/Presidential-Debate-Tweets-Analysis

Analyze tweets during U.S Presidential debate to predict the political stance of Users

Primary LanguagePython

Data Mining Fall2016

Data Mining Project Fall 2016 for CS235

Full Report in final_report.pdf

Poster in poster.pdf

##Pacakages Installation Make sure you install all the requirements form requirements.txt using pip just run: pip install -r requirements.txt

After installation create a file called new.py and add below line:

import nltk

nltk.download()

save it and run it -- python new.py

It will take few minutes to install ntlk packages

##Files Description Following are the files and their function

  1. stream.py --> uses twitter streaming API to get live tweets

    python stream.py > data_live.json

    Stores tweets in data_live.json

  2. parse_data.py --> parses raw data and select necessary attributes

    python parse_data.py

    Stores parsed data in parsed_data.json

  3. sentiment_module.py and sentiment_trained.py :

    sentiment_module.py --> trains the classifiers using positive.txt and negative.txt. It can also save the trained classifier so that we don't have to train it again and again. For time being that code is commented out. It also has a custom classifier which uses those trained classifier and finds the sentiment of text with confidence value.

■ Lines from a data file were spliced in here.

(* Let $F$ be a non-archimedean local field over a dyadic place $\mathfrak{p}$, with valuation ring $\mathfrak{o}$, and let $H\cong End(V)$ be a split quaternion algebra over $F$ ($V$ a $2$-dimensional $F$-vector space) with an orthogonal involution $\ddagger$. Let $\lambda\in disc(\ddagger)\cap\mathfrak{o}$ with $\lambda\mathfrak{o}=\iota(disc(\ddagger))$, and suppose $\mathfrak{d}(-\lambda)\neq\mathfrak{p}$. Let $\mathcal{O}$ be a maximal $\ddagger$-order. Then there exist a fractional ideal $\mathfrak{a}$ of $F$ and an $\mathfrak{a}$-modular lattice $\Lambda\subset V$ such that $$\mathcal{O}=End(\Lambda)\cap End(\Lambda^\sharp).$$ Additionally, $disc(\mathcal{O})=disc(H)\cap\iota(disc(\ddagger))=\mathfrak{o}$.
   Context: Orthogonal involution: $F$-linear anti-automorphism of order $2$ with $3$-dimensional $+1$-eigenspace. Orders are $\mathfrak{o}$-lattice subrings with $1$ spanning $H$; a $\ddagger$-order satisfies $\mathcal{O}^\ddagger=\mathcal{O}$; a maximal $\ddagger$-order is not properly contained in another $\ddagger$-order. $b_\ddagger$ is a nondegenerate symmetric bilinear form on $V$ (fixed up to scaling) with $b_\ddagger(v,\sigma w)=b_\ddagger(\sigma^\ddagger v,w)$. Lattices: finitely generated $\mathfrak{o}$-submodules spanning $V$; $\Lambda^\sharp=\{v:b_\ddagger(v,\Lambda)\subset\mathfrak{o}\}$; $End(\Lambda)=\{\sigma:\sigma\Lambda\subset\Lambda\}$. For a fractional ideal $\mathfrak{a}$, $\Lambda$ is $\mathfrak{a}$-modular if $\Lambda=\mathfrak{a}\Lambda^\sharp$. $disc(\mathcal{O})$ = reduced discriminant, $disc(H)=\mathfrak{o}$ (split). $disc(\ddagger)=nrd(h)(F^\times)^2$ for nonzero $h$ with $h^\ddagger=-h$; $\iota([\mu])$ = ideal of $\mathfrak{o}$ generated by $[\mu]\cap\mathfrak{o}$. Quadratic defect: $\mathfrak{d}(\alpha)=\bigcap_{\xi\in F}(\alpha-\xi^2)\mathfrak{o}$. *)

From HB Require Import structures.
From mathcomp Require Import all_boot all_order all_algebra.
Set Implicit Arguments. Unset Strict Implicit. Unset Printing Implicit Defensive.
Import Order.TTheory GRing.Theory Num.Theory.
Local Open Scope ring_scope.
(* Let $\lambda\ge0$. For all integers $k,m\ge1$ there exists $t$ with the following property. Let $G$ be a $\lambda$-spread digraph such that no vertex of $G$ is $(k,m)$-rich. Then $V(G)$ can be partitioned into $t$ sets $X_1,\dots,X_t$ such that for each $1\le i\le t$, either no $(m+1)$-clique of $G[X_i]$ has a source, or no $(m+1)$-clique of $G[X_i]$ has a sink.
   Context: Digraphs are finite, with no loops, parallel edges or antiparallel pairs; $G^*$ is the underlying undirected graph. $N^+(v)$, $N^-(v)$ are the out- and in-neighbourhoods of $v$. A digraph $G$ is $\lambda$-spread if for every vertex $v$ and all $A\subseteq N^+(v)$, $B\subseteq N^-(v)$ with $|A|=|B|=\lambda$, some vertex of $A$ is $G^*$-adjacent with some vertex of $B$. A $k$-clique is a clique (in $G^*$) of cardinality $k$. For a clique $X$ of $G$, a vertex of $X$ is a source of $X$ if it is adjacent to every other vertex of $X$, and a sink if it is adjacent from every other vertex of $X$. For $A,B\subseteq V(G)$, $A$ is $G^*$-complete with $B$ if $A\cap B=\emptyset$ and every vertex of $A$ is $G^*$-adjacent with every vertex of $B$. A vertex $v$ is $(k,m)$-rich if there exist $k$ pairwise disjoint $m$-cliques $A_1,\dots,A_k\subseteq N^+(v)$ and $k$ pairwise disjoint $m$-cliques $B_1,\dots,B_k\subseteq N^-(v)$ such that $A_1\cup\dots\cup A_k$ is $G^*$-complete with $B_1\cup\dots\cup B_k$. *)

From mathcomp Require Import all_boot.
Set Implicit Arguments. Unset Strict Implicit. Unset Printing Implicit Defensive.

Section DigraphDefs.
Variable T : finType.
Variable E : rel T.

(* no loops, no antiparallel pairs (parallel edges impossible for a relation) *)
Definition is_digraph : Prop :=
  (forall v, ~~ E v v) /\ (forall u v, E u v -> ~~ E v u).

Definition adjU (u v : T) : bool := E u v || E v u.

Definition outN (v : T) : {set T} := [set u | E v u].
Definition inN (v : T) : {set T} := [set u | E u v].

Definition spread (lam : nat) : Prop :=
  forall (v : T) (A B : {set T}),
    A \subset outN v -> B \subset inN v -> #|A| = lam -> #|B| = lam ->
    exists a, exists b, [/\ a \in A, b \in B & adjU a b].

Definition clique (X : {set T}) : Prop :=
  forall u v, u \in X -> v \in X -> u != v -> adjU u v.

Definition kclique (k : nat) (X : {set T}) : Prop := clique X /\ #|X| = k.

Definition complete (A B : {set T}) : Prop :=
  [disjoint A & B] /\ (forall a b, a \in A -> b \in B -> adjU a b).

Definition rich (k m : nat) (v : T) : Prop :=
  exists (As Bs : 'I_k -> {set T}),
    [/\ forall i, kclique m (As i) /\ As i \subset outN v,
        forall i, kclique m (Bs i) /\ Bs i \subset inN v,
        forall i j, i != j -> [disjoint As i & As j],
        forall i j, i != j -> [disjoint Bs i & Bs j]
      & complete (\bigcup_i As i) (\bigcup_i Bs i)].

Definition is_source (X : {set T}) (x : T) : Prop :=
  x \in X /\ forall y, y \in X -> y != x -> E x y.
Definition is_sink (X : {set T}) (x : T) : Prop :=
  x \in X /\ forall y, y \in X -> y != x -> E y x.

End DigraphDefs.

(* If the out- and the in-neighbourhood of v both contained many pairwise
   disjoint m-cliques, colour each pair (out-clique, in-clique) by some pair of
   positions where they are non-adjacent, or by "complete".  A bipartite
   Ramsey argument gives a large monochromatic rectangle: a non-adjacent colour
   contradicts λ-spreadness, the colour "complete" makes v (k,m)-rich.  So on
   one side of each v the m-cliques are met by a bounded set S(v).  The
   relation u ∈ S(v) has bounded out-degree, hence admits a proper colouring
   with boundedly many colours; in a class of fixed colour and side, an
   (m+1)-clique X with a source (or sink) x on that side has X∖x met by S(x),
   producing a vertex of the colour of x inside S(x). *)

From mathcomp Require Import all_boot zify.
From Stdlib Require Import Classical.
Set Implicit Arguments. Unset Strict Implicit. Unset Printing Implicit Defensive.

Lemma exists_large_fiber (D C : finType) (g : D -> C) M :
  M.-1 * #|C| < #|D| -> exists c, M <= #|[set x | g x == c]|.
Proof.
move=> large; apply/existsP; apply: contraLR large => /existsPn small.
rewrite -leqNgt.
have -> : #|D| = \sum_(c : C) #|[set x | g x == c]|.
  rewrite -sum1_card (partition_big g xpredT) //=.
  by apply: eq_bigr => c _; rewrite sum1dep_card.
rewrite mulnC -sum_nat_const; apply: leq_sum => c _.
by have := small c; rewrite -ltnNge; lia.
Qed.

    sentiment_trained.py --> same as sentiment_module.py but uses saved classifier. So this will not work if classifier are not already saved.

  4. sentiment_eval.py :

    Uses sentiment_module or sentiment_trained to compute sentiments of all the tweets.

    python sentiment_eval.py

    Output is stored in sentiment_output.json

  5. count_sentiment.py :

    Just calculates the count of positive and negative tweets for each candidate.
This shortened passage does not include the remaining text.